В этой монтажной фразе, несмотря на ее лаконичность, есть все признаки образного монтажа.

И то, что кадры 88, а и 88, в разделены другим планом, с противоположным внутрикадровым содержанием, вовсе не лишает их взаимной связи. Это пример дистанционного монтажа (термин А. Пелешьяна).

Эта серия кадров может быть дополнена. Бели, например, после кадра 88, б поставить кадр 88, г, то ощущение человеческих страданий, которые несет равнодушное насилие, увеличится. И особую остроту монтажному сочетанию придаст то, что перед зрителем появятся мирные, беззащитные люди. А если после плана 88, в в монтажный ряд поставить кадры 88, д, е, то намного усилится эмоциональное звучание финала.

Кадр 88, г
Кадр 88, д
Кадр 88, е

Камера может "наехать" на глаза малыша, оставив на экране лишь его взгляд, обращенный к зрителю, и авторская позиция станет понятна без всякого текста. С экрана будет говорить изображение. И его сила определится тем, что кадр д сомкнется с содержанием кадра б, несмотря на то, что их разделяют два мизанкадра. Вся монтажная фраза будет построена на конфликте между беззащитным добром и злобой насилия.

Монтаж дает возможность глубокого, образного толкования факта, поступка, понятия, причем в таких случаях не требуется от сочетаемых кадров тех формальных ограничений, которые необходимы при монтаже сцены, показывающей конкретное событие. Режиссер освобождается от пространственно-временных характеристик действия. Он следит за смыслом монтажных сочетаний, за тем самым третьим значением, которое рождается в результате соединения двух кадров. Естественно, при этом между двумя соседними кадрами должна быть внутренняя связь, которая выявляет не внешние признаки объектов, а сложные, глубинные зависимости, на основании которых строится монтажное сочетание.

Это новое качество материала не результат авторского произвола. Оно отыскивается автором в связях и соотношениях, существующих реально, и претворяется в экранные образы. Зритель может уловить этот третий смысл только в тех случаях, когда соединение двух кадров отражает понятные ему связи и зависимости. Иногда эти связи очевидны, и тогда разглядеть их и угадать замысел автора легко. Иногда все обстоит гораздо сложнее. Ведь все предметы, явления, события внешнего мира имеют бесконечное множество разнообразных отношений, связей и зависимостей, которые могут быть самыми разными по форме и значению.

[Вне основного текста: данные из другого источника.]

Theorem proposition2 (R : realType) (q d : nat) (f : 'rV[R]_d -> R)
    (theta : 'rV[R]_d) (A : 'M[R]_(q.+1, d)) :
  ~~ odd q -> (2 <= q)%N -> (q.+1 <= d)%N ->
  (forall x, 0 <= f x) ->
  (forall x, f x <= f theta) ->
  smooth_upto f q.+1 ->
  (forall y : 'rV[R]_d,
     iterDir f (nseq q.+1 y) theta / (q.+1)`!%:R
     = \prod_(i < q.+1) \sum_(j < d) A i j * y 0 j) ->
  row_free A ->
  exists P : 'M[R]_d, `|\det P| = 1 /\
    forall k : 'I_d,
      'D_(delta_mx 0 k : 'rV[R]_d) (iter (q %/ 2) (ellipticLap (QofP P)) f) theta = 0.
Proof.
move=> q_even q_ge2 _ _ _ f_smooth f_taylor A_free.
have [M [detM M_sparse]] := row_free_sparse_unimodular A_free.
exists (invmx M); split; first by rewrite det_inv detM invr1 normr1.
rewrite /QofP invmxK => k.
have [j q_eq] : exists j, q = (2 * j).+2%N.
  exists (q %/ 2 - 1)%N; move: (divn_eq q 2); rewrite modn2 (negPf q_even); lia.
subst q; have -> : ((2 * j).+2 %/ 2 = j.+1)%N by lia.
have words_size s : s \in lap_words M j.+1 -> (size s < (2 * j).+3)%N.
  by move/size_lap_words ->; lia.
rewrite (iter_ellipticLap f_smooth); last by lia.
have /(congr1 (fun F => F theta)) /= -> :=
  derive_sum_iterDir f_smooth (delta_mx 0 k) words_size.
rewrite big_map; apply: big1_seq => _ /andP[_ /allpairsP[[l s] [_ s_in ->]]] /=.
have [i0 M_sparse_l] := M_sparse l; set c := row l M^T.
rewrite -[LHS]/(iterDir f [:: delta_mx 0 k, c, c & s] theta).
rewrite (perm_iterDir f_smooth (s2 := [:: c, c, delta_mx 0 k & s])); first last.
- by rewrite (perm_catCA [:: delta_mx 0 k] [:: c; c] s).
- by rewrite /= (size_lap_words s_in).
apply: (iterDir_sparse_pair_eq0 f_smooth f_taylor (i0 := i0));
  last by rewrite /= (size_lap_words s_in).
move=> i ni; rewrite -[RHS](M_sparse_l i ni) [RHS]mxE.
by apply: eq_bigr => i' _; rewrite !mxE.
Qed.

Они выступают как постоянные и временные, непосредственные и косвенные, необходимые и случайные, определяющие и несущественные и т. д. На какой зрительский отклик рассчитывает автор, ставя рядом два мизанкадра, ясно далеко не всегда. Результат зависит от творческих возможностей художника, от его понимания той мысли, которую он хочет выразить, от его умения выразить эту мысль и от способности зрителя уловить ход авторских рассуждений. Монтажер может видеть один характер взаимосвязи, зритель – другой. Для того чтобы уяснить себе значение изобразительной информации, идущей с экрана, нужно владеть языком кинематографа, понимать его условность, уметь мыслить ассоциациями. Конечно, это под силу только современному кинозрителю, и не все наши сегодняшние фильмы поняли бы и приняли бы зрители времен братьев Люмьер…

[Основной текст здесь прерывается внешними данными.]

Lemma induced_add y z : f (y + z) = f y + f z.
Proof.
by rewrite /induced -wr_mul_top phi_mul //; exact: finsupp0.
Qed.

Lemma induced_inj : injective f.
Proof.
move=> y z fyz; apply/subr0_eq.
have fB : f (y - z) = 0.
  by apply: (@addIr _ (f z)); rewrite -induced_add subrK add0r.
by apply: (phi2_eq0 (g := (fun _ => 0, y - z))) => //; exact: finsupp0.
Qed.

Variable m : 'Z_p.
Hypothesis phi_delta0 : restr phi (delta p 0) = (fun w => m * delta p 0 w).

Lemma restr_delta y : restr phi (delta p y) = (fun w => m * delta p (f y) w).
Proof.
have conj_delta : wr_mul (fun _ => 0, y) (delta p 0, 0) = wr_mul (delta p y, 0) (fun _ => 0, y).
  rewrite /wr_mul /= addr0 add0r; congr pair.
  by apply: functional_extensionality => w; rewrite /delta add0r addr0 subr_eq0.
have topS : inWR ((fun _ => 0, y) : WR p k) by exact: finsupp0.
move/(congr1 phi): conj_delta; rewrite !phi_mul ?phi_sigma ?phi_delta0 //;
  try exact: finsupp_delta.
rewrite [phi (_, y)]surjective_pairing /wr_mul /= => -[E _].
apply: functional_extensionality => w; have /= := congr1 (fun b => b w) E.
by rewrite subr0 addrC /delta subr_eq0 -/(f y) => /addIr.
Qed.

– Ну, не очень-то гордитесь! – мог перебить нас пещерный художник. – И сегодня не все умеют смотреть кино. Иногда в зале хихикают, когда идет совсем не смешная сцена, или могут весело обсуждать что-то, когда надо бы загрустить.

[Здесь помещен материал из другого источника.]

(* Let $\mathbb{F}_q$ be a finite field, and let $N, L$ be integers with $1 \le L \le N/2$ and $q \ge N+L$. Let $\alpha_1,\dots,\alpha_N,f_1,\dots,f_L$ be $N+L$ pairwise distinct elements of $\mathbb{F}_q$, write $\bm\alpha=(\alpha_1,\dots,\alpha_N)$, $\bm f=(f_1,\dots,f_L)$, let $u_1,\dots,u_N\in\mathbb{F}_q$ be arbitrary nonzero elements, $\bm u=(u_1,\dots,u_N)$, and define $\bm v=(v_1,\dots,v_N)$ by $$v_j=\frac{1}{u_j}\Big(\prod_{i\in[N],\,i\neq j}(\alpha_j-\alpha_i)\Big)^{-1},\qquad j\in[N].$$ Let $\mathbf{Q}^{\bm u}_N=\mathrm{QCSA}^q_{N,L}(\bm\alpha,\bm u,\bm f)$ and $\mathbf{Q}^{\bm v}_N=\mathrm{QCSA}^q_{N,L}(\bm\alpha,\bm v,\bm f)$. Then the block-diagonal matrix $\mathbf{B}=\begin{pmatrix}\mathbf{Q}^{\bm u}_N&\mathbf{0}\\ \mathbf{0}&\mathbf{Q}^{\bm v}_N\end{pmatrix}\in\mathbb{F}_q^{2N\times 2N}$ is invertible, and the matrix $$\mathbf{M}_Q=\mathbf{S}\,\mathbf{B}^{-1}\in\mathbb{F}_q^{N\times 2N}$$ is the channel matrix of a feasible $N$-sum box over $\mathbb{F}_q$; that is, there exist $\mathbf{G},\mathbf{H}\in\mathbb{F}_q^{2N\times N}$ such that $\mathbf{G}$ is strongly self-orthogonal, the square matrix $(\mathbf{G}\ \mathbf{H})\in\mathbb{F}_q^{2N\times 2N}$ is invertible, and $\mathbf{M}_Q=(\mathbf{0}_N\ \ \mathbf{I}_N)(\mathbf{G}\ \mathbf{H})^{-1}$. Here $\mathbf{S}\in\mathbb{F}_q^{N\times 2N}$ is the $0/1$ selection matrix $$\mathbf{S}=\left[\begin{array}{ccc|ccc} \mathbf{I}_L&\mathbf{0}_{L\times \lceil N/2\rceil}&\mathbf{0}&\mathbf{0}&\mathbf{0}&\mathbf{0}\\ \mathbf{0}&\mathbf{0}&\mathbf{I}_{\lfloor N/2\rfloor -L}&\mathbf{0}&\mathbf{0}&\mathbf{0}\\ \mathbf{0}&\mathbf{0}&\mathbf{0}&\mathbf{I}_L&\mathbf{0}_{L\times \lfloor N/2\rfloor }&\mathbf{0}\\ \mathbf{0}&\mathbf{0}&\mathbf{0}&\mathbf{0}&\mathbf{0}&\mathbf{I}_{\lceil N/2\rceil -L} \end{array}\right],$$ i.e., for $\mathbf{z}\in\mathbb{F}_q^{2N}$, $\mathbf{S}\mathbf{z}=(z_1,\dots,z_L,\ z_{L+\lceil N/2\rceil+1},\dots,z_N,\ z_{N+1},\dots,z_{N+L},\ z_{N+L+\lfloor N/2\rfloor+1},\dots,z_{2N})^\top$.
   Context: For $\bm\alpha\in\mathbb{F}_q^{1\times n}$ with pairwise distinct entries and $\bm w=(w_1,\dots,w_n)\in\mathbb{F}_q^{1\times n}$ with nonzero entries, $\mathrm{GRS}^q_{n,k}(\bm\alpha,\bm w)$ denotes the $n\times k$ matrix whose $(i,m)$ entry is $w_i\alpha_i^{m-1}$ ($i\in[n]$, $m\in[k]$). For $\bm\beta=(\beta_1,\dots,\beta_N)$ with all $\beta_i\neq 0$, $\alpha_1,\dots,\alpha_N,f_1,\dots,f_L$ pairwise distinct, and $L\le N/2$, the matrix $\mathrm{QCSA}^q_{N,L}(\bm\alpha,\bm\beta,\bm f)\in\mathbb{F}_q^{N\times N}$ has $(i,j)$ entry $\frac{\beta_i}{f_j-\alpha_i}$ for $j\in[L]$ and $(i,L+k)$ entry $\beta_i\alpha_i^{k-1}$ for $k\in[N-L]$ (so its columns $L+1,\dots,L+\lceil N/2\rceil$ form $\mathrm{GRS}^q_{N,\lceil N/2\rceil}(\bm\alpha,\bm\beta)$). A matrix $\mathbf{G}\in\mathbb{F}_q^{2N\times N}$ is strongly self-orthogonal (SSO) iff $\mathrm{rk}(\mathbf{G})=N$ and $\mathbf{G}^\top\mathbf{J}\mathbf{G}=\mathbf{0}$, where $\mathbf{J}=\begin{pmatrix}\mathbf{0}&-\mathbf{I}_N\\ \mathbf{I}_N&\mathbf{0}\end{pmatrix}$. $\lfloor\cdot\rfloor,\lceil\cdot\rceil$ denote floor and ceiling; blocks of size zero are empty. *)

From HB Require Import structures.
From mathcomp Require Import all_boot all_order all_algebra all_field.
Set Implicit Arguments. Unset Strict Implicit. Unset Printing Implicit Defensive.
Import GRing.Theory.
Local Open Scope ring_scope.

– Да, дорогой коллега, – согласились бы мы. – Бывает. К сожалению.

Действительно, плохо подготовленный зритель не всегда улавливает главную мысль произведения, не видит аналогий, на которые рассчитывает автор, не понимает значения монтажных переходов – короче говоря, не всегда приходит к тем выводам, ради которых снимался эпизод и создавался фильм.

– Но ведь иногда и автор так запутывает зрителя, что тот при всем желании не может понять, в чем дело! – мог возразить предок.

– Да, – снова согласились бы мы. – И это бывает. К сожалению…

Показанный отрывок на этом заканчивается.